(DATA TO USE begins)

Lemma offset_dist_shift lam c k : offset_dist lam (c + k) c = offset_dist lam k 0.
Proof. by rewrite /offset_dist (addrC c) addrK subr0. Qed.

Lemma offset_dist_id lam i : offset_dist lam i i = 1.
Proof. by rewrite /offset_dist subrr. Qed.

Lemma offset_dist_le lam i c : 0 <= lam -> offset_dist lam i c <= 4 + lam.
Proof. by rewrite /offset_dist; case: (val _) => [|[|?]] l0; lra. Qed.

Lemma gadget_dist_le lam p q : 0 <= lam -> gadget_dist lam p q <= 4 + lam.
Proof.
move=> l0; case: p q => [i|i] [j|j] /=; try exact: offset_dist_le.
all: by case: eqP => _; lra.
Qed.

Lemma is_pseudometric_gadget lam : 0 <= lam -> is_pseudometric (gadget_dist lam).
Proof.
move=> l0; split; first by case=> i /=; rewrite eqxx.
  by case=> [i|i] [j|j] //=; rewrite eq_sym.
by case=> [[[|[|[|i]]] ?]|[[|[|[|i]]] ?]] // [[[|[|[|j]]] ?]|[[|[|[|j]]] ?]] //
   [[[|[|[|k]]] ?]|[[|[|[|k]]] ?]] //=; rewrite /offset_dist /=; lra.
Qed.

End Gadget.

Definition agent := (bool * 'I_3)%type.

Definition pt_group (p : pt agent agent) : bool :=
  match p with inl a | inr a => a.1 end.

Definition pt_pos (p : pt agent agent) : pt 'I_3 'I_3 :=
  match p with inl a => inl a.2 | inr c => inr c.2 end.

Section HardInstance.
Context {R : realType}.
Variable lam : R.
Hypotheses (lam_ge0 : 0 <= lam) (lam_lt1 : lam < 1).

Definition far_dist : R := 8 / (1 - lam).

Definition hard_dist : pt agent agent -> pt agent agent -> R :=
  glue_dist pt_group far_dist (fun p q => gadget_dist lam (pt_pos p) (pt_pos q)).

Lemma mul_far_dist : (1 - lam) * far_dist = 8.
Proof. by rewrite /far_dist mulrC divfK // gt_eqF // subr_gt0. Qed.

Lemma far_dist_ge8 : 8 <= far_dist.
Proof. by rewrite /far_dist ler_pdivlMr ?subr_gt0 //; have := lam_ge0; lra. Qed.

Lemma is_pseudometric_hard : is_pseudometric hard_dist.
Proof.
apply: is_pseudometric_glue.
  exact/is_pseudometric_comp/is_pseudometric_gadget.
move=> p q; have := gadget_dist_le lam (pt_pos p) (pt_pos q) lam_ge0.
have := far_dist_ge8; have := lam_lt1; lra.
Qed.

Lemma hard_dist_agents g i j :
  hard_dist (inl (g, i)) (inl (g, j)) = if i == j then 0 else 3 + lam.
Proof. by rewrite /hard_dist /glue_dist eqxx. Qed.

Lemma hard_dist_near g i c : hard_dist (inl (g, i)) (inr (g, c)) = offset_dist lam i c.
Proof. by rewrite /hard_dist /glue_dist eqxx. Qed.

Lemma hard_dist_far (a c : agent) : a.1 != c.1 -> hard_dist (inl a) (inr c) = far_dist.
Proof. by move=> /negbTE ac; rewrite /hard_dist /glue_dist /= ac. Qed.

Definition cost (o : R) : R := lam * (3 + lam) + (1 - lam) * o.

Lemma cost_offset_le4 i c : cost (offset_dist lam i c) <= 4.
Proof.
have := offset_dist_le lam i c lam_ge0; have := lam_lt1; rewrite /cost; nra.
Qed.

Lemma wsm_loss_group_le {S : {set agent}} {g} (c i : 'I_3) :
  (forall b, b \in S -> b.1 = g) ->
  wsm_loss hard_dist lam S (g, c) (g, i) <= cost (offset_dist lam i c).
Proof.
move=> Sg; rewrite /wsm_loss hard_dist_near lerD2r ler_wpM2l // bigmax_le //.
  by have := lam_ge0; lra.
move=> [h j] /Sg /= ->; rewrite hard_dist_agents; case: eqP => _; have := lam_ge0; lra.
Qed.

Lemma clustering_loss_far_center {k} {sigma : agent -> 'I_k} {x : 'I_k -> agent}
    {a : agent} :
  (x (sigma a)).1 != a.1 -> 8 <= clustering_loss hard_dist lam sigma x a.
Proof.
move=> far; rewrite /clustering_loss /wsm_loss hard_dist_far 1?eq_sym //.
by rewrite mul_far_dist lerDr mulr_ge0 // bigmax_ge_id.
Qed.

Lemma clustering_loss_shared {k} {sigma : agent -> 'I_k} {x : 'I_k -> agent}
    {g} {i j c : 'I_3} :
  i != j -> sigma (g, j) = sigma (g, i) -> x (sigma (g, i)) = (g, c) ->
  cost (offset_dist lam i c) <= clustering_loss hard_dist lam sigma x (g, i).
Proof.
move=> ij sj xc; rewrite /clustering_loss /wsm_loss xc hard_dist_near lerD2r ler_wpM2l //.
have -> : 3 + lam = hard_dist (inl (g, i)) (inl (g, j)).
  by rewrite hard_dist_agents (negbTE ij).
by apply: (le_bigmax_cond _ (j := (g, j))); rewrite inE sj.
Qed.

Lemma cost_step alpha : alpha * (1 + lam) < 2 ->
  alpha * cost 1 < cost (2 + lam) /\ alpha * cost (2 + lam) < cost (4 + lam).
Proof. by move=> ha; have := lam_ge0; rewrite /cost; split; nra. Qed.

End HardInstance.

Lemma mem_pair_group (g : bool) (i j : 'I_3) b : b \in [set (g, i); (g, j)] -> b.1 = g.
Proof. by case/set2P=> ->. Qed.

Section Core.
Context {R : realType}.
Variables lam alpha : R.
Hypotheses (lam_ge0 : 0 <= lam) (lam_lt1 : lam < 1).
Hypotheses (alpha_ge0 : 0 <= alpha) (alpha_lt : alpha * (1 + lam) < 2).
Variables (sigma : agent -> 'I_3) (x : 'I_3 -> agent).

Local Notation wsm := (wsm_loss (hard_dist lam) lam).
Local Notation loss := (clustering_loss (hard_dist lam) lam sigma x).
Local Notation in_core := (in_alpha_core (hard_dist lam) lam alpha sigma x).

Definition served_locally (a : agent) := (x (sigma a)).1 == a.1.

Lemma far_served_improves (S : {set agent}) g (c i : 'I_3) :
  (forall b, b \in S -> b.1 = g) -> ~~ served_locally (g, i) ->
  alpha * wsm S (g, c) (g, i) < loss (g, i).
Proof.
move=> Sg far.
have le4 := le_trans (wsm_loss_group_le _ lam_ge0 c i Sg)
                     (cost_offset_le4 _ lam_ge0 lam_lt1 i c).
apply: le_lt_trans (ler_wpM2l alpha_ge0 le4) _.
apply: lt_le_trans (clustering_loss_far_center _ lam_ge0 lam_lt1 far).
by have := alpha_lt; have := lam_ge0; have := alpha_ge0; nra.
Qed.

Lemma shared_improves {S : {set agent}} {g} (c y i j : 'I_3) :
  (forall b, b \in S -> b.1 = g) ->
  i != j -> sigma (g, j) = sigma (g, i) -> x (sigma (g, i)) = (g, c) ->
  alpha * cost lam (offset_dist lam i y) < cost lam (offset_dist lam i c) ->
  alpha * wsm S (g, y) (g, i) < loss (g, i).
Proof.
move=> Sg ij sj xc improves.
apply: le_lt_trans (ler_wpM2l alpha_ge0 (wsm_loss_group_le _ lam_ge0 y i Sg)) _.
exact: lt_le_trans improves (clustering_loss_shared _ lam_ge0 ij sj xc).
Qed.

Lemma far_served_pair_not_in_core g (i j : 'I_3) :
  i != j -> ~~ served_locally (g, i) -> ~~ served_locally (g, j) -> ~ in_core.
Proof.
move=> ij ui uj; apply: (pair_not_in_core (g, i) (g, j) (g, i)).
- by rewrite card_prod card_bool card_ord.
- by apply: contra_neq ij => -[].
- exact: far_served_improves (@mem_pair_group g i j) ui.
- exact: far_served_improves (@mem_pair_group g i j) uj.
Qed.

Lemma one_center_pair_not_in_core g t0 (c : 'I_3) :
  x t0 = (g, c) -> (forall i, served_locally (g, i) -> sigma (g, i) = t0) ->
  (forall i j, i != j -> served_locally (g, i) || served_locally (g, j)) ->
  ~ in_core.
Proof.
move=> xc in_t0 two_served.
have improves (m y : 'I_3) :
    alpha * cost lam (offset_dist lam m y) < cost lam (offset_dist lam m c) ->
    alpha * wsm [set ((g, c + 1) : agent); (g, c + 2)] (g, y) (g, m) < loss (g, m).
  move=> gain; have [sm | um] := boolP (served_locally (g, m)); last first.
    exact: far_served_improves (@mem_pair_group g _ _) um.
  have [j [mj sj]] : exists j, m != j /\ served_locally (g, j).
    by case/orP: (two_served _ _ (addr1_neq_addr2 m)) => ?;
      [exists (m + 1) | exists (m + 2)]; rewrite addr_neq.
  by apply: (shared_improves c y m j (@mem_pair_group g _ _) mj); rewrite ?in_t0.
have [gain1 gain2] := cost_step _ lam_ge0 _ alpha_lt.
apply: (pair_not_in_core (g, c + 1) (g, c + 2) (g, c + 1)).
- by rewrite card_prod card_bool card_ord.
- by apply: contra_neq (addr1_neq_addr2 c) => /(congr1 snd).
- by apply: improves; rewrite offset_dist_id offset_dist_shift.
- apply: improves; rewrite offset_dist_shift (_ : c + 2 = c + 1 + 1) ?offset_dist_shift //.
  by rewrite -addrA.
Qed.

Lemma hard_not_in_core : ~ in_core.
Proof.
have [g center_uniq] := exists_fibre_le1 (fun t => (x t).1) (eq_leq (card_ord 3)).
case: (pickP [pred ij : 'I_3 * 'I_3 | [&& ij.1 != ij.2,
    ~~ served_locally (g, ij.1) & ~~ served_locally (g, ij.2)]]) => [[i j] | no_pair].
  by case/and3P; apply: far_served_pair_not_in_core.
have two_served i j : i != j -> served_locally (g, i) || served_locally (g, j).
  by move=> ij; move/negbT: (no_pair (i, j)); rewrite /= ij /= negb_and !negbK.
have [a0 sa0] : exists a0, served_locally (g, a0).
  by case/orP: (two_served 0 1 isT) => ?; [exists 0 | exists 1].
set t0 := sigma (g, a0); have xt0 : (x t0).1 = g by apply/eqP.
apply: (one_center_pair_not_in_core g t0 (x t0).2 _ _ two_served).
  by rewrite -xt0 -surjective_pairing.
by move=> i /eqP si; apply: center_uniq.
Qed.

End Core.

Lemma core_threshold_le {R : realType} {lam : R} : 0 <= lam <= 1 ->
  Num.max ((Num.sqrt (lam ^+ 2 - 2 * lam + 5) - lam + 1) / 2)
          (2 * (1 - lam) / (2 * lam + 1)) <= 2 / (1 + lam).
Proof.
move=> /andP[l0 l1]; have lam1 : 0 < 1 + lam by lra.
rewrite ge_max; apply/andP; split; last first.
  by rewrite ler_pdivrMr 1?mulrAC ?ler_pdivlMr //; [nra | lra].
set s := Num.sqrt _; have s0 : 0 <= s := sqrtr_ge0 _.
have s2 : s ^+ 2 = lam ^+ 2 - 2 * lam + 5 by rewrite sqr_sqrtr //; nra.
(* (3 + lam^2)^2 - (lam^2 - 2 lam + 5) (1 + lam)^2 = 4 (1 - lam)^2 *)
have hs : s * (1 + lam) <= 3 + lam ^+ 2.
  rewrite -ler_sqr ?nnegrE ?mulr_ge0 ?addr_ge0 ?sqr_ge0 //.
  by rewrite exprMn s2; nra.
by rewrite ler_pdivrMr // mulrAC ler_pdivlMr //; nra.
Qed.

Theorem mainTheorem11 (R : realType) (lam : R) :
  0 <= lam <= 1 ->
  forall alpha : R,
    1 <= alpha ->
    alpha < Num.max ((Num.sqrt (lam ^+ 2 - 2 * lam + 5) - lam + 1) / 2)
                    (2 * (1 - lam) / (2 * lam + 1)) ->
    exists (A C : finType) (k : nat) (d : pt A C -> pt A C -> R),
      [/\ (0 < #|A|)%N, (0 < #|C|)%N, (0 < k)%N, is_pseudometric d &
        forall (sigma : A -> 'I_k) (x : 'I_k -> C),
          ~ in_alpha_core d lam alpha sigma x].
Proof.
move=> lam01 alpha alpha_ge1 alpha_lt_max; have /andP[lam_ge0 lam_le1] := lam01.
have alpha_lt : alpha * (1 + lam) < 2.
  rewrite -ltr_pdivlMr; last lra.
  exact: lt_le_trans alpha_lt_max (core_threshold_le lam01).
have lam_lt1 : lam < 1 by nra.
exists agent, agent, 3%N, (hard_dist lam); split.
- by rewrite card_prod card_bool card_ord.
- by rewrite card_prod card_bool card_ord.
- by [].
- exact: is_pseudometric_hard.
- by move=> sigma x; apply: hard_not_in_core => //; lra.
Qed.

(DATA TO USE ends)

> **PROBLEM**:
Pick out the lines above containing the word "realType", then copy them.

> **RESPONSE TO THIS TASK**:
Context {R : realType}.
Context {R : realType}.
Lemma core_threshold_le {R : realType} {lam : R} : 0 <= lam <= 1 ->
Theorem mainTheorem11 (R : realType) (lam : R) :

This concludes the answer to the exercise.